• [Goal of the exercise] Write out exactly the first lines of the listing, ending on the line that contains "(forall r x, I x -> I (r * x))].".

• [Dataset entries]
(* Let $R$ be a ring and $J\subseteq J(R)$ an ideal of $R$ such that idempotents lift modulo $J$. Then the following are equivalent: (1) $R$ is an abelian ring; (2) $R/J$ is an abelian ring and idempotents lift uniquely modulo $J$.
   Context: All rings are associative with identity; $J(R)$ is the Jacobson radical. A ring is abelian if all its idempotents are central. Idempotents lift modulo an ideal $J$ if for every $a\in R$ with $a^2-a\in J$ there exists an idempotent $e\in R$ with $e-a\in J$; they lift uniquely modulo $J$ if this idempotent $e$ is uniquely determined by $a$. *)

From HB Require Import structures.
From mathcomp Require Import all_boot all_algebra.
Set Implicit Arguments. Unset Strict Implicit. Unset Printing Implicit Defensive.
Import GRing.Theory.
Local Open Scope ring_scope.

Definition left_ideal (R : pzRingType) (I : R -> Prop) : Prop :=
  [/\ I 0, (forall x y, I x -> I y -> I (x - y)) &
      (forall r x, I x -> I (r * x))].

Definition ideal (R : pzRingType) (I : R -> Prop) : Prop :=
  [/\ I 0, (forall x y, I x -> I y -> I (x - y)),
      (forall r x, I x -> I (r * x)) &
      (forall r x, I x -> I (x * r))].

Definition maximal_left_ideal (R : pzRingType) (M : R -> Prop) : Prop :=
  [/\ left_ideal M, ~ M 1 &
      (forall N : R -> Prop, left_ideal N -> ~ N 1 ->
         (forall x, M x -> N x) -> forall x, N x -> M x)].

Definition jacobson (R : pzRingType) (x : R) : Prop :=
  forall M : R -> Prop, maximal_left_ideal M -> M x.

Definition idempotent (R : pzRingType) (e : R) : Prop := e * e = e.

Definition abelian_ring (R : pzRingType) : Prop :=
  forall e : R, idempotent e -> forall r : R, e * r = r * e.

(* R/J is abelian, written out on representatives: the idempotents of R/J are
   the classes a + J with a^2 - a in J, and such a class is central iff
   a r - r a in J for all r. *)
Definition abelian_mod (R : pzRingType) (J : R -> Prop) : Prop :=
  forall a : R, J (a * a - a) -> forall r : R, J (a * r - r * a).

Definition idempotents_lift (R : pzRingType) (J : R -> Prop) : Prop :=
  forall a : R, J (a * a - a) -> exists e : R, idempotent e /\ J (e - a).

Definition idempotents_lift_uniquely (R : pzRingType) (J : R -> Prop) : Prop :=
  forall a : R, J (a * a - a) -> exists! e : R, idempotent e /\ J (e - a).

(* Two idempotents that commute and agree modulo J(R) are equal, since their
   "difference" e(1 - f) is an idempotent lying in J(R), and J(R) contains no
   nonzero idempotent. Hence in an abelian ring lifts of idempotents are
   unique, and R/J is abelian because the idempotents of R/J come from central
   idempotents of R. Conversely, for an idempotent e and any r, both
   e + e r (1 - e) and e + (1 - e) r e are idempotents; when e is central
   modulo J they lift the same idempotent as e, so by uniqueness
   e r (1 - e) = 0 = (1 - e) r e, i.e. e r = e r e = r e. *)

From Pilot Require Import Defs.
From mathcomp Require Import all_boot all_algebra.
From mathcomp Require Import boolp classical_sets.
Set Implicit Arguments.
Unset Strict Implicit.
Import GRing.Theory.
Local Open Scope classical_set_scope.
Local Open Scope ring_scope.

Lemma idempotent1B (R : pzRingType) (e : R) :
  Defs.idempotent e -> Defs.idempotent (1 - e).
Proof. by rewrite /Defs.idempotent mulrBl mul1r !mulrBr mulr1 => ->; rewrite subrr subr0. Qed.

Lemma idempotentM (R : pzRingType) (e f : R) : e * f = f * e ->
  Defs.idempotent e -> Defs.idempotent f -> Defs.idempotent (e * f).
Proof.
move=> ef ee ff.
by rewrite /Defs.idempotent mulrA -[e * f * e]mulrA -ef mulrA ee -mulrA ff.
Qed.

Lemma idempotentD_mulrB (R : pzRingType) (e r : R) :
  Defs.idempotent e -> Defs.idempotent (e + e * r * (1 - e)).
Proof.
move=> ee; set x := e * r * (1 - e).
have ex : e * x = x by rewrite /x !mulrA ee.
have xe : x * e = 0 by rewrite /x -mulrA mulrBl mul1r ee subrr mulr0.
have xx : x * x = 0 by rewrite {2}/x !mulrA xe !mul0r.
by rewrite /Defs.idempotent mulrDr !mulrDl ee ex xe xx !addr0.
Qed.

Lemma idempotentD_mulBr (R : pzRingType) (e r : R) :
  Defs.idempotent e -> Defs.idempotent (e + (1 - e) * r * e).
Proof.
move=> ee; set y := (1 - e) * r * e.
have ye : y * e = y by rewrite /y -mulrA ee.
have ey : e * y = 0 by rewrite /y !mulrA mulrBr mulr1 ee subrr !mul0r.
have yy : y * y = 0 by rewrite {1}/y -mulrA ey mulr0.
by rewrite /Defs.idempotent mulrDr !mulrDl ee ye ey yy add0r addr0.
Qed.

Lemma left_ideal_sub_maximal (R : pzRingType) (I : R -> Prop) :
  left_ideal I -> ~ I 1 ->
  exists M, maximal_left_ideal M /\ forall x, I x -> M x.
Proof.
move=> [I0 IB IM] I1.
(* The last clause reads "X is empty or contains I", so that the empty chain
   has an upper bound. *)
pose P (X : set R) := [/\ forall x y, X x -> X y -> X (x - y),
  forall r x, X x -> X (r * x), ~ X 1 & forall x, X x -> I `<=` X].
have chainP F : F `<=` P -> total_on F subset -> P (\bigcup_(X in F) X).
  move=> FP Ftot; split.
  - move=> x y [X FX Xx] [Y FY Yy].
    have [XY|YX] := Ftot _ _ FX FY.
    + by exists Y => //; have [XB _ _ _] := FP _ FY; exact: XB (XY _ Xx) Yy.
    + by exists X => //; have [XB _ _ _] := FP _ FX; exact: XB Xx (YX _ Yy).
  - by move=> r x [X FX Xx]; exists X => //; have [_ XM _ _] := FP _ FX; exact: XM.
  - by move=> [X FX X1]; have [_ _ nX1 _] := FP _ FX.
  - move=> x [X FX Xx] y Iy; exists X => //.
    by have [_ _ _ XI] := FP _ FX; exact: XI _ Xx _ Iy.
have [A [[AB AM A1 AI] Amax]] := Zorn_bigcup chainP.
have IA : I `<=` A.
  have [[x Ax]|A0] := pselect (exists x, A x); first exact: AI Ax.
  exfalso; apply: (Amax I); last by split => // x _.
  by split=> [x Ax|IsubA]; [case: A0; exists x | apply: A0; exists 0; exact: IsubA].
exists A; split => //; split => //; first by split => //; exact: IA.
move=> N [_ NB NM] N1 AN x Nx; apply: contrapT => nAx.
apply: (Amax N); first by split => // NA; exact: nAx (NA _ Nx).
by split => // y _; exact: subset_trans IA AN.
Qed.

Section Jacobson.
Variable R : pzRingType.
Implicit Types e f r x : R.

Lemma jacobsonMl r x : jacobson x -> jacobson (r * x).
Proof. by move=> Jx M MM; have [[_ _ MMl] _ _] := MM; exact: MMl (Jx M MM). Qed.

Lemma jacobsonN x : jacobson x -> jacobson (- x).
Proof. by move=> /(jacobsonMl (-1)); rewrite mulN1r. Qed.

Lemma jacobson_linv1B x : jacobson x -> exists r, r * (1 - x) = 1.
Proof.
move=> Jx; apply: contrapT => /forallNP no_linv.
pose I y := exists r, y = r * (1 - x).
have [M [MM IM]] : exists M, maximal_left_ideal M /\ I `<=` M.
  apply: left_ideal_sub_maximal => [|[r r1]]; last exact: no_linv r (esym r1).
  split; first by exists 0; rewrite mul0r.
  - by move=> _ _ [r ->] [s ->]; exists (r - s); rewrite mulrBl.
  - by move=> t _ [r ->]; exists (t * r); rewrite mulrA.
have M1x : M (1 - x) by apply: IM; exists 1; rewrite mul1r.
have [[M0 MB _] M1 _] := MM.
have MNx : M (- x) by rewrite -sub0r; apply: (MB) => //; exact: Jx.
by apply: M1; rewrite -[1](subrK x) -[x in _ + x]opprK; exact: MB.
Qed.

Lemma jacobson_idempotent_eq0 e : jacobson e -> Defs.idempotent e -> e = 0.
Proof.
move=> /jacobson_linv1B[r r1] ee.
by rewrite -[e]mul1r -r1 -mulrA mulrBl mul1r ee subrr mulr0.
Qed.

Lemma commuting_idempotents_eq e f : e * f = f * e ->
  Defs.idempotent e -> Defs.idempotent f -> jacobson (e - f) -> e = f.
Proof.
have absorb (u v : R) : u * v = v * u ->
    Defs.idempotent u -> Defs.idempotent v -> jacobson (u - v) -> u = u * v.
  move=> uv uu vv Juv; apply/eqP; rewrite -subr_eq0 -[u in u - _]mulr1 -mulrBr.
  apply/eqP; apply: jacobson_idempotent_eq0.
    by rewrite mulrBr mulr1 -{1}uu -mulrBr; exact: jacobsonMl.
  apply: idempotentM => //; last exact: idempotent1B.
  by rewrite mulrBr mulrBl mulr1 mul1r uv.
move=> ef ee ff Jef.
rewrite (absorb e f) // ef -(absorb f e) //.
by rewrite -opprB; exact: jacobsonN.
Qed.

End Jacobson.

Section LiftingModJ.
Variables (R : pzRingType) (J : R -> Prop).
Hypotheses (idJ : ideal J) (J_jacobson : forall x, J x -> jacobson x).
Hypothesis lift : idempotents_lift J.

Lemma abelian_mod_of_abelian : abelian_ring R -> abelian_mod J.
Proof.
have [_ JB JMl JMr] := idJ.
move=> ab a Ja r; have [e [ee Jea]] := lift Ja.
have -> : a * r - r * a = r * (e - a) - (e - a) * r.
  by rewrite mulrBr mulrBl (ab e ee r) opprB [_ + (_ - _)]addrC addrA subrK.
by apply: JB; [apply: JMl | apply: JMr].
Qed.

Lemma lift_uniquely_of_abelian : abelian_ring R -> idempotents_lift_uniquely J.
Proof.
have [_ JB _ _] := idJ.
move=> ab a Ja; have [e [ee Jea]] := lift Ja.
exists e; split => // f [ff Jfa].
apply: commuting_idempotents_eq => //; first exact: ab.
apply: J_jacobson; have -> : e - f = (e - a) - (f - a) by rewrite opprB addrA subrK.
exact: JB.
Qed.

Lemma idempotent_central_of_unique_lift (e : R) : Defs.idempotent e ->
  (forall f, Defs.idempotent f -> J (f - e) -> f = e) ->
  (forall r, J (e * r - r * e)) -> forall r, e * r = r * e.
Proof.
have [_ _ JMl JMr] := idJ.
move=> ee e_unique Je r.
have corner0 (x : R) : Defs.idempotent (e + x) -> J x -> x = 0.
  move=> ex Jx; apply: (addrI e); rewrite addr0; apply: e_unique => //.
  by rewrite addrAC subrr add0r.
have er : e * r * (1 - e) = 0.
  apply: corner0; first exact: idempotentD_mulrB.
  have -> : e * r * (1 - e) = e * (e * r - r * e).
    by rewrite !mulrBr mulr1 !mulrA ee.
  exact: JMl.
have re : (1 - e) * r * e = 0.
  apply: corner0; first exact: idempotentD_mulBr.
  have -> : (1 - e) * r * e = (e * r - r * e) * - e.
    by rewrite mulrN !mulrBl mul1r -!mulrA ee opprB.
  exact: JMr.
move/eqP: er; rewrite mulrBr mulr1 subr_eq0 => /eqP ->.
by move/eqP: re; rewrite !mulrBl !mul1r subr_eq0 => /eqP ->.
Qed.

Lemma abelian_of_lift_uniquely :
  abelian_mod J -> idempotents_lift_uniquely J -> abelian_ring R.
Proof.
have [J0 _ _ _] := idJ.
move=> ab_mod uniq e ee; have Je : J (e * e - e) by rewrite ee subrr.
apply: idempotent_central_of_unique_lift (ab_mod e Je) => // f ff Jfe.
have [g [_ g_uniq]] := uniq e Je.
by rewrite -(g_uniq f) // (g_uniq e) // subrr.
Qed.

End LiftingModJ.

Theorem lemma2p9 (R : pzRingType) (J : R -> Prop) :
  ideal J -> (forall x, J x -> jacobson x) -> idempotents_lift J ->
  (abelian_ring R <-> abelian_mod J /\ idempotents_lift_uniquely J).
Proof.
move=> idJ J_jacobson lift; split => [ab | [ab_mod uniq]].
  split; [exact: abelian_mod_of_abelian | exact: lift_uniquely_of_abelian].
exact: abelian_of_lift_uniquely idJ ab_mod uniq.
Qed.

• [Answer space]
(* Let $R$ be a ring and $J\subseteq J(R)$ an ideal of $R$ such that idempotents lift modulo $J$. Then the following are equivalent: (1) $R$ is an abelian ring; (2) $R/J$ is an abelian ring and idempotents lift uniquely modulo $J$.
   Context: All rings are associative with identity; $J(R)$ is the Jacobson radical. A ring is abelian if all its idempotents are central. Idempotents lift modulo an ideal $J$ if for every $a\in R$ with $a^2-a\in J$ there exists an idempotent $e\in R$ with $e-a\in J$; they lift uniquely modulo $J$ if this idempotent $e$ is uniquely determined by $a$. *)

From HB Require Import structures.
From mathcomp Require Import all_boot all_algebra.
Set Implicit Arguments. Unset Strict Implicit. Unset Printing Implicit Defensive.
Import GRing.Theory.
Local Open Scope ring_scope.

Definition left_ideal (R : pzRingType) (I : R -> Prop) : Prop :=
  [/\ I 0, (forall x y, I x -> I y -> I (x - y)) &
      (forall r x, I x -> I (r * x))].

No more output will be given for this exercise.